[INFORMATION PROVIDED]

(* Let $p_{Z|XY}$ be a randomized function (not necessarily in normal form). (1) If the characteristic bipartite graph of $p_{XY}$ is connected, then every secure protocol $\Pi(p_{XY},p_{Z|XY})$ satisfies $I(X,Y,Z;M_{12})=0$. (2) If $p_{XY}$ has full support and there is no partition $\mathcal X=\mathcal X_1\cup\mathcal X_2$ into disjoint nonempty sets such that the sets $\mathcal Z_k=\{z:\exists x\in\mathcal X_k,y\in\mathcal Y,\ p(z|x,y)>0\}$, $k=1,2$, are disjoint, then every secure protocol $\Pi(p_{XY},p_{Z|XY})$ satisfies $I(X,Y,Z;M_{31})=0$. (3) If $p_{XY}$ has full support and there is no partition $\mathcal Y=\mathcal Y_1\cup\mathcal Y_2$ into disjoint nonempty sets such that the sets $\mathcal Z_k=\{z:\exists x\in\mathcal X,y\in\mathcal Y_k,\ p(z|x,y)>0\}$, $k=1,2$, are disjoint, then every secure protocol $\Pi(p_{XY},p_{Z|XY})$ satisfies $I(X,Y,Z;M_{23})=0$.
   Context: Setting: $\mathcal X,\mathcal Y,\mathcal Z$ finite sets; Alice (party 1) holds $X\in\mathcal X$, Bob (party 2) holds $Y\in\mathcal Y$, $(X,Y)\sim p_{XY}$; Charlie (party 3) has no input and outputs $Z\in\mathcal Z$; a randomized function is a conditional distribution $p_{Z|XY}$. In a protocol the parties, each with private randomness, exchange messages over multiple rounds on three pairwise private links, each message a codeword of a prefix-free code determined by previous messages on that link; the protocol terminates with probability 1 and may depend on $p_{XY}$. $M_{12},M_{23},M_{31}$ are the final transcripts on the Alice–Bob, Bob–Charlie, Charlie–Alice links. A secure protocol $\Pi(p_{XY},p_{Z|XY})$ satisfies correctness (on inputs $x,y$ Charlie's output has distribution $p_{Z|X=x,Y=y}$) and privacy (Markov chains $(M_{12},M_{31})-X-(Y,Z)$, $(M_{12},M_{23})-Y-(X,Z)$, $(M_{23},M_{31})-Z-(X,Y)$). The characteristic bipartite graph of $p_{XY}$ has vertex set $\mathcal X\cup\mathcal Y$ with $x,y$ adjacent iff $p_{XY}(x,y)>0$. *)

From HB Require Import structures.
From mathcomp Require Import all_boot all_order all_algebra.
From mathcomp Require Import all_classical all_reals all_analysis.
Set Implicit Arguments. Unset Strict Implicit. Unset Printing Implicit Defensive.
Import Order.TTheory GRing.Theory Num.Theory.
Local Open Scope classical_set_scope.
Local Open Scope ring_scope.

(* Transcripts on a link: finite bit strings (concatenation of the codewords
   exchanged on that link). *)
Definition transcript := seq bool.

[/INFORMATION PROVIDED]

## [AIM OF THE TASK]
Whenever a line of the data above includes the word "Open", copy that line.

## [WRITTEN RESPONSE]
Local Open Scope classical_set_scope.
Local Open Scope ring_scope.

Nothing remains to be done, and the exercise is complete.